Graphic by Phil Waheed.

The tides are changing in the United States. Along with the re-election of President Barack Obama, Washington and Colorado have also voted to legalize marijuana for recreational use.

This huge step for American culture is facing both praise and criticism from the outside, but I think the legalization of marijuana is ultimately a move that, if done effectively, can have a very positive effect.

Why, then, is marijuana still illegal in the rest of the United States? Maybe it’s because marijuana is a so-called gateway drug? It makes sense that the government doesn’t want citizens experimenting with harmful substances.

Too bad this notion is totally inaccurate. According to The National Academy of Sciences, “there is no conclusive evidence that the … effects of marijuana are causally linked to the subsequent abuse of other illicit drugs.”

Furthermore, the U.S. Department of Health and Human Services has reported that about 76 million adults have tried marijuana and did not become regular marijuana users or go on to try any other drugs. So, that can’t be it.

Maybe the American government is afraid that if they legalize marijuana it will become more mainstream. Perhaps lawmakers feel that the only way to curb the use of the drug is to put in place firm laws against it, but that’s another misconception.

According to the Canadian Centre on Substance Abuse’s national working group on addictions, most marijuana users believe their use will go undetected, so fear of legal punishment doesn’t act as an effective deterrent. No matter how strict the laws, people have and will continue to use the drug.

A study by the California State Office of Narcotics and Drug Abuse reinforces that “the reduction in penalties for possession of marijuana for personal use does not appear to [be] a factor in people’s decision to use or not use the drug.” So, that can’t be it either.

The bottom line here is that the ‘war on drugs’ cost the United States at the federal level $15 billion in 2010. On top of that, one person every 19 seconds is arrested for violating a drug law. In a country desperate to climb out of a deficit and with the highest incarceration rate in the world (730 per 100,000 people), legalization of marijuana helps take care of both problems.

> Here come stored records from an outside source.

Lemma traversal_of_pending k st p D :
  wf_stack p st -> uniq D -> size D = k -> pending st D ->
  exists2 x, x \in traversals k st & forall z, (z \in walk p x) = suffix z p || (z \in D).
Proof.
elim/ltn_ind: k st p D => k IHk st; elim: st => [|[[b q] | a] st IHst] p D.
- move=> /eqP -> _; case: D => [<- _ | u D _ PD]; last first.
    by have := PD u (mem_head u D); rewrite /frontier /= !andbF.
  by exists [::]; rewrite ?inE // => z; rewrite inE suffixs0 orbF.
- move=> V; case/and4P: (V) => /eqP Eq Ab _ V0; subst q => UD SD PD.
  case: (boolP (b :: p \in D)) => HbD; last first.
    have [x Hx Ex] := IHst p D V0 UD SD (pending_skip V HbD PD).
    by exists x; rewrite // traversals_explore mem_cat Hx.
  case: k IHk IHst SD => [|k] IHk _ SD; first by case: D SD HbD {UD PD}.
  have SD' : size [seq u <- D | u != b :: p] = k.
    have := count_predC (pred1 (b :: p)) D; rewrite count_uniq_mem // HbD SD.
    by rewrite size_filter => /eqP; rewrite eqSS => /eqP <-.
  have [y Hy Ey] := IHk k (ltnSn k) _ _ _ (wf_explore V) (filter_uniq _ UD) SD'
    (pending_explore V PD).
  exists (b :: y); first by rewrite traversals_explore mem_cat map_f ?orbT.
  move=> z; rewrite walk_cons red_step_adjoinable // inE Ey suffix_consr mem_filter.
  case: (eqVneq z p) => [-> | _]; first by rewrite suffix_refl.
  by case: (eqVneq z (b :: p)) => [-> | _]; rewrite ?HbD ?orbT.
- case: p => [|b p] // V UD SD PD; case/and3P: (V) => /eqP[Eb] _ V'; subst b.
  have [y Hy Ey] := IHst p D V' UD SD PD.
  exists (linv a :: y); first by rewrite traversals_return map_f.
  by move=> z; rewrite walk_cons red_step_linv inE Ey suffix_consr orbA.
Qed.

End Traversals.

(** * Counting idempotents *)

Section IdempotentCount.
Variable r : nat.
Local Notation W := (word r).

Lemma classes_sub (l : seq W) : {subset classes l <= l}.
Proof.
elim: l => //= w l IH u; case: ifP => _; first by move/IH; rewrite inE => ->; rewrite orbT.
by rewrite !inE => /orP[-> | /IH ->]; rewrite ?orbT.
Qed.

Lemma classes_uniq (l : seq W) : uniq (classes l).
Proof.
elim: l => //= w l IH; case: ifP => // /negbT/hasPn Hh /=; rewrite IH andbT.
by apply: contraTN (sameM_refl w) => /Hh.
Qed.

Lemma classes_sameM_eq (l : seq W) : {in classes l &, forall a b, sameM a b -> a = b}.
Proof.
elim: l => //= w l IH; case: ifP => // /negbT/hasPn Hh a b; rewrite !inE.
case/orP => [/eqP -> | Ha]; case/orP => [/eqP -> | Hb] // Hs.
- by move: (Hh b Hb); rewrite Hs.
- by move: (Hh a Ha); rewrite sameM_sym Hs.
- exact: IH.
Qed.

Lemma classes_cover (l : seq W) u : u \in l -> has (sameM u) (classes l).
Proof.
elim: l => //= w l IH; rewrite inE => /orP[/eqP -> | /IH Hu]; case: ifP => // _.
- by rewrite /= sameM_refl.
- by rewrite /= Hu orbT.
Qed.

Definition root_tasks : seq (task r) := children [::].

Lemma wf_root_tasks : wf_stack [::] root_tasks.
Proof.
rewrite -[root_tasks]cats0; apply: wf_children_cat => //.
- exact/filter_uniq/enum_uniq.
- exact: filter_all.
Qed.

Lemma count_root_tasks : count (@explores r) root_tasks = (2 * r).
Proof.
rewrite count_children size_map size_filter (eq_count (a2 := predT)) //.
by rewrite count_predT -cardE card_letter.
Qed.

Lemma traversal_idempotent k (x : W) : x \in traversals k root_tasks ->
  [/\ red x = [::], size x = (2 * k) & nverts x = k.+1].
Proof.
move=> Hx; split; first exact: redacc_traversal wf_root_tasks Hx.
  by rewrite (size_traversal Hx) count_children_returns addn0.
by rewrite /nverts vertsE (traversal_nverts wf_root_tasks Hx).
Qed.

Lemma idempotent_traversal (w : W) : red w = [::] ->
  exists2 x, x \in traversals (nverts w).-1 root_tasks & sameM x w.
Proof.
move=> Ew; set S := undup (verts w); set D := [seq u <- S | u != [::]].
have HS : [::] \in S by rewrite mem_undup mem_verts_nil.
have SD : size D = (size S).-1.
  rewrite size_filter; have := count_predC (pred1 [::]) S.
  by rewrite count_uniq_mem ?undup_uniq // HS => <-.
have PD : pending root_tasks D.
  move=> u; rewrite mem_filter mem_undup => /andP[nu Hu]; apply/and3P; split.
  - by move: Hu; rewrite vertsE; apply: reduced_walk.
  - have Hb : behead u \in verts w by move: Hu; rewrite !vertsE; apply: walk_nil_parent.
    case: (eqVneq (behead u) [::]) => [| nb]; last by rewrite mem_filter nb mem_undup Hb orbT.
    case: u nu {Hu Hb} => [|c u] //= _ ->.
    by apply/orP; left; apply/frontier_childrenP; exists c.
  - case/lastP: u nu {Hu} => [|u c] // _; apply/hasP; exists [:: c].
      by apply/frontier_childrenP; exists c.
    by rewrite -cats1 suffix_suffix.
have [x Hx Ex] := traversal_of_pending wf_root_tasks (filter_uniq _ (undup_uniq _)) SD PD.
exists x => //; apply/sameMP; split; first by rewrite Ew; case: (traversal_idempotent Hx).
move=> z; rewrite !vertsE Ex suffixs0 mem_filter mem_undup -vertsE.
by case: (eqVneq z [::]) => [-> | _]; rewrite ?mem_verts_nil.
Qed.

Lemma elen_idempotent (w : W) : red w = [::] -> elen w = (2 * (nverts w).-1).
Proof.
move=> Ew; have [x Hx Sxw] := idempotent_traversal Ew; have /sameMP[_ Ev] := Sxw.
have [_ Sx Vx] := traversal_idempotent Hx.
rewrite /elen; case: ex_minnP => n /existsP[t /sameMP[Er Et]] Hmin.
apply/eqP; rewrite eqn_leq; apply/andP; split.
  by apply: Hmin; apply/existsP; exists (Tuple (introT eqP Sx)).
have := nverts_le (tval t); rewrite Er Ew size_tuple /nverts.
by rewrite (size_undup_eq Et) -(size_undup_eq Ev) -/(nverts x) Vx /=; lia.
Qed.

Lemma SE_odd k : SE r (2 * k).+1 = 0.
Proof.
rewrite /SE; case E : (enum _) => [|t l] //.
have : t \in enum [pred t : (2 * k).+1.-tuple (letter r) |
                   idemw (tval t) && (elen (tval t) == (2 * k).+1)] by rewrite E mem_head.
by rewrite mem_enum => /andP[]; rewrite idemwE => /eqP /elen_idempotent -> /eqP; lia.
Qed.

Lemma SE_even k : SE r (2 * k) = size (traversals k root_tasks).
Proof.
rewrite /SE; set l := map _ _.
have Hl u : u \in l -> red u = [::] /\ nverts u = k.+1.
  case/mapP => t; rewrite mem_enum => /andP[]; rewrite idemwE => /eqP Er /eqP.
  rewrite elen_idempotent // => Ee ->; split=> //.
  by rewrite -(prednK (nverts_gt0 t)); move: Ee; set n := _.-1; lia.
have Uc := classes_uniq l; have Ut := traversals_uniq k wf_root_tasks.
apply/eqP; rewrite eqn_leq; apply/andP; split.
  apply: (size_transversal_le (@sameM_sym r) (@sameM_trans r) Uc (@classes_sameM_eq l)).
  move=> a /classes_sub /Hl[Er Ea]; have [x] := idempotent_traversal Er; rewrite Ea => Hx Sx.
  by apply/hasP; exists x; rewrite // sameM_sym.
apply: (size_transversal_le (@sameM_sym r) (@sameM_trans r) Ut).
  move=> a b Ha Hb /sameMP[_ Ev]; apply: traversal_inj wf_root_tasks Ha Hb _ => z.
  by rewrite -!vertsE.
move=> b Hb; apply: classes_cover; have [Er Sb Vb] := traversal_idempotent Hb.
apply/mapP; exists (Tuple (introT eqP Sb)) => //.
by rewrite mem_enum; apply/andP; rewrite idemwE Er elen_idempotent // Vb.
Qed.

Lemma SE_raney k : SE r (2 * k) = raney (2 * r - 1) k (2 * r).
Proof. by rewrite SE_even size_traversals count_root_tasks. Qed.

End IdempotentCount.

(** * Asymptotics *)

Lemma leq_bin_mid n i : 2 * i < n -> 'C(n, i) <= 'C(n, i.+1).
Proof.
move=> H; rewrite -(leq_pmul2l (ltn0Sn i)) mul_bin_left.
by rewrite leq_mul2r; apply/orP; right; lia.
Qed.

Section BinomialMode.
Variables m j : nat.
Hypothesis m2 : 2 <= m.
Let n := m * j.
(* The terms of m ^ n = ((m - 1) + 1) ^ n; the largest one is the j-th. *)
Let term i := 'C(n, i) * (m - 1) ^ (n - i).

Lemma term_succ i : i < n -> term i.+1 * (i.+1 * (m - 1)) = term i * (n - i).
Proof.
move=> Hi; rewrite /term.
have -> : (m - 1) ^ (n - i) = (m - 1) ^ (n - i.+1) * (m - 1) by rewrite -expnSr; congr expn; lia.
set X := _ ^ _; transitivity (i.+1 * 'C(n, i.+1) * (X * (m - 1))); first by ring.
by rewrite mul_bin_left; ring.
Qed.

On the subject of money, the U.S. could make a lot of money from regulating marijuana use, and the longer it remains unregulated, the more money is lost. Harvard University economics professor, Jeffrey Miron, told CNN that if marijuana was taxed at similar rates as tobacco and alcohol, the United States would save about $14 billion per year, based on the decrease in spending against it as well as the taxation of it.

As far as the arrest record goes, the FBI has reported that 52 per cent of drug arrests are marijuana related. That makes for a total of over 850,000 arrests in 2010 according to the FBI. Keeping these people out of jail will have a noticeable effect on the taxpayer’s money. It’s also worth mentioning that out of the 52 per cent, 88 per cent of those arrests are for possession.

And that’s not even mentioning the positive effects marijuana can have medically. The American Medical Association was very vocal against the initial ban of the drug, which had been used for medicinal purposes for more than 5,000 years. Currently, more than 60 American and international medical organizations support the use of medical marijuana.

And yet, despite all of this evidence in its favour, marijuana continues to be illegal in most of the United States.

Much like the reversal of prohibition, this opposition against marijuana is going to give in eventually. Now is the time for the American federal government to step up and make this happen. Their constituents and their wallets will thank them for it.